Not completely focused, her brain felt half-frozen. She blindly swung backward. Contact. The hilt struck his temple.

The attacker went down in silence. Must not have expected the fish to bite back.

Annja whipped the sword into the otherwhere. Moving as quickly as her numb limbs would allow, she crawled to the water’s edge and dipped a hand into the canal glimmering with oily residue. Her fingers hooked the backpack strap. It came free of the rebar with a tug.

Her cheek settled on a thin layer of snowflakes. Lying sprawled, her hand gripping the heavy backpack, she closed her eyes.

Did other women spend their Saturday nights like this? She must be doing something wrong. What did a girl have to do to meet a nice guy who wasn’t either set on killing her or being hunted himself?

Standing, her body shivering and her steps moving her in zigzags across the ground, Annja didn’t look back.

If the man lying on the ground was the sniper, she wanted to get out of his range before he came to.

Her lungs thudded like heavy chunks of ice against her ribs, and the muscles in her legs felt as if they’d been stretched like taffy. She wasn’t far from home.

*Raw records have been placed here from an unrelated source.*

Definition decreasing_seq := sort >=%O (flatten [seq nseq (mu i) i | i <- enum 'I_n]).

Definition decreasing_word : word := [ffun p => nth p decreasing_seq p].

Lemma size_decreasing_seq : size decreasing_seq = n.
Proof.
rewrite size_sort size_flatten /shape -map_comp sumnE big_map -[RHS]mu_sum big_enum /=.
by apply: eq_bigr => i _; exact: size_nseq.
Qed.

Lemma count_decreasing_seq i : count_mem i decreasing_seq = mu i.
Proof.
have /seq.permP -> : perm_eq decreasing_seq (flatten [seq nseq (mu i) i | i <- enum 'I_n]).
  by rewrite perm_sort.
rewrite count_flatten -map_comp sumnE big_map big_enum /=.
rewrite (bigD1 i) //= count_nseq /= eqxx mul1n big1 ?addn0 // => j ji.
by rewrite count_nseq /= (negbTE ji).
Qed.

Lemma has_content_decreasing : has_content decreasing_word.
Proof.
apply/forallP => i; apply/eqP; under eq_finset => p do rewrite ffunE.
rewrite card_set_count -(count_map (fun p : 'I_n => nth p decreasing_seq p) (pred1 i)).
by rewrite map_nth_ord_enum ?size_decreasing_seq // count_decreasing_seq.
Qed.

Lemma decreasing_word_homo : stepwise (>=%O : rel 'I_n) decreasing_word.
Proof.
move=> p k kp; have ltk : (p.+1 < size decreasing_seq)%N by rewrite size_decreasing_seq -kp.
rewrite !ffunE (set_nth_default p k) ?kp //.
by have /sortedP := sort_sorted ge_total (flatten [seq nseq (mu i) i | i <- enum 'I_n]); apply.
Qed.

Lemma nonasc_full_decreasing w :
  has_content w -> (nonasc w == fulldes n) = (w == decreasing_word).
Proof.
move=> wmu; apply/eqP/eqP => [wfull|->]; last first.
  apply/eqP; rewrite eqEsubset nonasc_sub; apply/subsetP => i; rewrite inE => lti.
  by rewrite (nonasc_succ _ (k := Ordinal lti)) //; apply: decreasing_word_homo.
apply/ffunP; apply: (eq_stepwise_fibres ge_trans ge_anti _ decreasing_word_homo) => [p k kp|j].
  have : p \in nonasc w by rewrite wfull inE -kp ltn_ord.
  by rewrite (nonasc_succ _ kp).
by rewrite (eqP (forallP wmu j)) (eqP (forallP has_content_decreasing j)).
Qed.

Lemma fullcoef_prod_mesym : fullcoef (\prod_i mesym n R (mu i)) = 1.
Proof.
rewrite prod_mesym_Fund fullcoef_sum.
under eq_bigr => w wmu do rewrite fullcoef_Fund ?nonasc_sub // nonasc_full_decreasing //.
rewrite (bigD1 decreasing_word) ?has_content_decreasing //= eqxx big1 ?addr0 //.
by move=> w /andP[_ /negbTE ->].
Qed.

End ElementaryExpansion.

Section ReadingOrder.
Variables (n : nat) (D : seq bool).
Implicit Types (i j k : 'I_n) (s : {perm 'I_n}).

Definition read_key j : nat * nat := (area D j, nat_of_ord j).

Lemma readposE j : readpos D j = #|[set k | (read_key j < read_key k)%O]|.
Proof.
apply: eq_card => k; rewrite !inE ltxi_pair /= !leEnat ltEnat.
by case: ltngtP => //=; rewrite ?andbF ?andbT // => ->; rewrite eqxx.
Qed.

Lemma read_key_inj : injective read_key.
Proof. by move=> j k [_ /ord_inj]. Qed.

Lemma readpos_lt j : (readpos D j < n)%N.
Proof.
rewrite readposE -[X in (_ < X)%N]card_ord -cardsT; apply: proper_card; apply/properP.
by split; [exact: subsetT | exists j; rewrite !inE ?ltxx].
Qed.
Definition convex (C : vset) : Prop :=
  forall x y t, C x -> C y -> 0 <= t <= 1 -> C (fun i => t * x i + (1 - t) * y i).

Definition bounded (C : vset) : Prop := exists M, forall x, C x -> forall i, Rabs (x i) <= M.

Definition seq_closed (C : vset) : Prop :=
  forall (u : nat -> vec) (x : vec), (forall k, C (u k)) ->
    (forall i, Un_cv (fun k => u k i) (x i)) -> C x.

Definition seq_continuous (f : vec -> R) : Prop :=
  forall (u : nat -> vec) (x : vec), (forall i, Un_cv (fun k => u k i) (x i)) ->
    Un_cv (fun k => f (u k)) (f x).

Section BodyProjections.
Variables (n : nat) (K : vset).
Hypothesis HK : Ko n K.

Lemma Ko_in x : K x -> inRn n x.
Proof. apply HK. Qed.

Lemma Ko_origin : K origin.
Proof. apply HK. Qed.

Lemma Ko_convex : convex K.
Proof. destruct HK as [[_ [_ [H _]]] _]. exact H. Qed.

Lemma Ko_bounded : bounded K.
Proof. destruct HK as [[_ [_ [_ [H _]]]] _]. exact H. Qed.

Lemma Ko_closed : seq_closed K.
Proof. destruct HK as [[_ [_ [_ [_ H]]]] _]. exact H. Qed.

End BodyProjections.

Lemma Ko_intro n K : (forall x, K x -> inRn n x) -> K origin -> convex K -> bounded K ->
  seq_closed K -> Ko n K.
Proof. intros Hin Ho Hcv Hb Hcl. repeat split; eauto. Qed.

Lemma Ko_subseq_limit n C (y : nat -> vec) : Ko n C -> (forall k, C (y k)) ->
  exists phi x, (forall k, (k <= phi k)%nat) /\ C x /\
    forall i, Un_cv (fun k => y (phi k) i) (x i).
Proof.
  intros HC Hy. destruct (Ko_bounded n C HC) as [M HM].
  destruct (bolzano_weierstrass_coords y M n (fun k => HM _ (Hy k))) as [phi [x [Hphi Hx]]].
  set (x' := fun i => if Nat.ltb i n then x i else 0).
  assert (Hcv : forall i, Un_cv (fun k => y (phi k) i) (x' i)).
  { intros i. unfold x'. destruct (Nat.ltb_spec i n); [auto|].
    apply (cv_ext (fun _ => 0)); [|apply cv_const].
    intros k. rewrite (Ko_in n C HC _ (Hy (phi k)) i) by lia. reflexivity. }
  exists phi, x'. repeat split; auto.
  apply (Ko_closed n C HC (fun k => y (phi k))); auto.
Qed.

Lemma Ko_attains_max n C f : Ko n C -> seq_continuous f ->
  (exists B, forall c, C c -> f c <= B) -> exists y, C y /\ forall z, C z -> f z <= f y.
Proof.
  intros HC Hf [B HB].
  set (E := fun r => exists c, C c /\ r = f c).
  assert (HEb : bound E) by (exists B; intros r [c [Hc ->]]; auto).
  assert (HEn : exists r, E r) by (exists (f origin), origin; split; [apply HC|reflexivity]).
  destruct (completeness E HEb HEn) as [s [Hub Hlub]].
  assert (Happrox : forall k, exists c, C c /\ s - / INR (S k) <= f c).
  { intros k. apply NNPP. intros Hno.
    assert (0 < / INR (S k)) by (apply Rinv_0_lt_compat, lt_0_INR; lia).
    assert (s <= s - / INR (S k)); [|lra].
    apply Hlub. intros r [c [Hc ->]]. apply Rnot_lt_le. intros Hlt.
    apply Hno. exists c. split; [exact Hc|lra]. }
  destruct (choice _ Happrox) as [c Hc].
  destruct (Ko_subseq_limit n C c HC (fun k => proj1 (Hc k))) as [phi [y [Hphi [Hy Hcv]]]].
  exists y. split; [exact Hy|]. intros z Hz.
  assert (f z <= s) by (apply Hub; exists z; auto).
  assert (s <= f y); [|lra].
  apply (Rle_cv_lim (fun k => proj2 (Hc (phi k)))); [|apply Hf; exact Hcv].
  replace s with (s - 0) at 1 by ring.
  apply CV_minus; [apply cv_const|apply (cv_subseq _ _ _ Hphi cv_inv_succ)].
Qed.

Lemma seq_continuous_dot n a : seq_continuous (dot n a).
Proof.
  intros u x Hu. apply cv_rsum. intros j _. apply CV_mult; [apply cv_const|apply Hu].
Qed.

Lemma seq_continuous_dist2 n z : seq_continuous (fun c => - dist2 n z c).
Proof.
  intros u x Hu. apply CV_opp. apply cv_rsum. intros j _.
  assert (Hj : Un_cv (fun k => vsub z (u k) j) (vsub z x j)) by
    (apply CV_minus; [apply cv_const|apply Hu]).
  apply CV_mult; exact Hj.
Qed.

Lemma hsupp_spec n C a : Ko n C -> is_max_dot n C a (hsupp n C a).
Proof.
  intros HC. unfold hsupp. apply epsilon_spec.
  destruct (Ko_attains_max n C (dot n a) HC (seq_continuous_dot n a)) as [y [Hy Hmax]].
  - destruct (Ko_bounded n C HC) as [M HM].
    exists (rsum n (fun i => Rabs (a i) * M)). intros c Hc. apply rsum_le. intros i _.
    eapply Rle_trans; [apply Rle_abs|]. rewrite Rabs_mult.
    apply Rmult_le_compat_l; [apply Rabs_pos|auto].
  - exists (dot n a y). split; eauto.
Qed.

Lemma hsupp_nonneg n C a : Ko n C -> 0 <= hsupp n C a.
Proof.
  intros HC. rewrite <- (dot_origin_r n a).
  apply (hsupp_spec n C a HC), (Ko_origin n C HC).
Qed.

Lemma nearest_point_exists n C z : Ko n C ->
  exists y, C y /\ forall c, C c -> dist2 n z y <= dist2 n z c.
Proof.
  intros HC.
  destruct (Ko_attains_max n C _ HC (seq_continuous_dist2 n z)) as [y [Hy Hmax]].
  - exists 0. intros c _. pose proof (dot_self_nonneg n (vsub z c)). unfold dist2. lra.
  - exists y. split; [exact Hy|]. intros c Hc. pose proof (Hmax c Hc). lra.
Qed.

Lemma nonpos_of_small_quadratic W E : 0 <= E ->
  (forall t, 0 < t <= 1 -> 2 * t * W <= t * t * E) -> W <= 0.
Proof.
  intros HE H. apply Rnot_lt_le. intros HW.
  set (t := W / (E + W)).
  assert (Ht : t * (E + W) = W) by (unfold t; field; lra).
  assert (0 < t) by (unfold t; apply Rdiv_lt_0_compat; lra).
  assert (t <= 1) by nra.
  specialize (H t ltac:(lra)). nra.
Qed.

Lemma nearest_point_obtuse n C z y : convex C -> C y ->
  (forall c, C c -> dist2 n z y <= dist2 n z c) ->
  forall c, C c -> dot n (vsub z y) c <= dot n (vsub z y) y.
Proof.
  intros Hcv Hy Hmin c Hc.
  set (w := vsub z y). set (d := vsub c y).
  assert (Hquad : forall t, 0 < t <= 1 -> 2 * t * dot n w d <= t * t * dot n d d).
  { intros t Ht.
    pose proof (Hmin _ (Hcv c y t Hc Hy ltac:(lra))) as Hle.
    unfold dist2 in Hle.
    replace (vsub z (fun i => t * c i + (1 - t) * y i)) with (fun i => w i - t * d i) in Hle
      by (apply functional_extensionality; intros i; unfold w, d, vsub; ring).
    rewrite dot_sub_scal_self in Hle. fold w in Hle. lra. }
  pose proof (nonpos_of_small_quadratic _ _ (dot_self_nonneg n d) Hquad) as Hw.
  unfold d in Hw. rewrite dot_vsub_r in Hw. lra.
Qed.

Forcing herself to wander through the debris-littered back lot of a warehouse, she found the street and trudged onward.

When a cab pulled alongside her, Annja hugged the icy yellow vehicle before crawling into the backseat.

 

“G
OOD GIRL
, A
NNJA
. You got the prize.”

Dropping the sniper scope, the tall dark-haired man quickly crossed the cement floor and descended the iron stairs. Each footstep clanked loudly. He wasn’t concerned with stealth.

He’d almost been too late. Hadn’t been able to stop the first shot. But the second he’d altered the course. Not much, but enough to save the girl.

Now, to see what she did with the prize.

 

H
ARRIS LET THE PHONE
ring six times before hanging up. The sniper had agreed to contact him with details of the skull’s whereabouts, and keep him posted about each move Cooke made.

He wasn’t supposed to fire a shot unless the man holding the skull looked as though he would hand it over to someone else. Cooke hadn’t even gotten the thing out of his backpack. Harris, from his vantage point on a building half a mile down the canal, bit back a growl as the pair went over the railing, taking the skull with them.

“Idiot,” he muttered. “Ravenscroft must have hired the sniper. That man knows so little about fieldwork!”

Tucking the cell phone inside his jacket, Harris eyed the brick-fronted warehouse where he knew the sniper had been positioned. The shooter should be long gone.

Five minutes later, Harris topped the fourth-floor stairs in the abandoned warehouse. His shoes crunched across debris of broken glass and Sheetrock. An icy breeze whipped up his collar and froze his face. At the far end of the warehouse he saw the M-16 rifle, still set upon a tripod.

He rushed through the darkness and stopped before he tripped over a man’s body.

“What the hell?”

Inspection found no ID on the body. He wore black leather gloves and shooting glasses. The sniper. He was dead. No blood evidence. Looked as if someone had broken his neck.

Harris stretched his gaze through the hazy darkness in a circle around him. Whoever had taken out the sniper could still be lurking.

Why had this happened? Had Ravenscroft sent his own backup?

It made no sense at all. This was merely a surveillance job. Keep an eye on Cooke, and make sure he doesn’t do anything rash between the time he landed in New York and met Ravenscroft for the handoff.

Harris scrubbed a hand over his scalp. Anything and everything had gone wrong.

“Ravenscroft is not going to like this one bit.”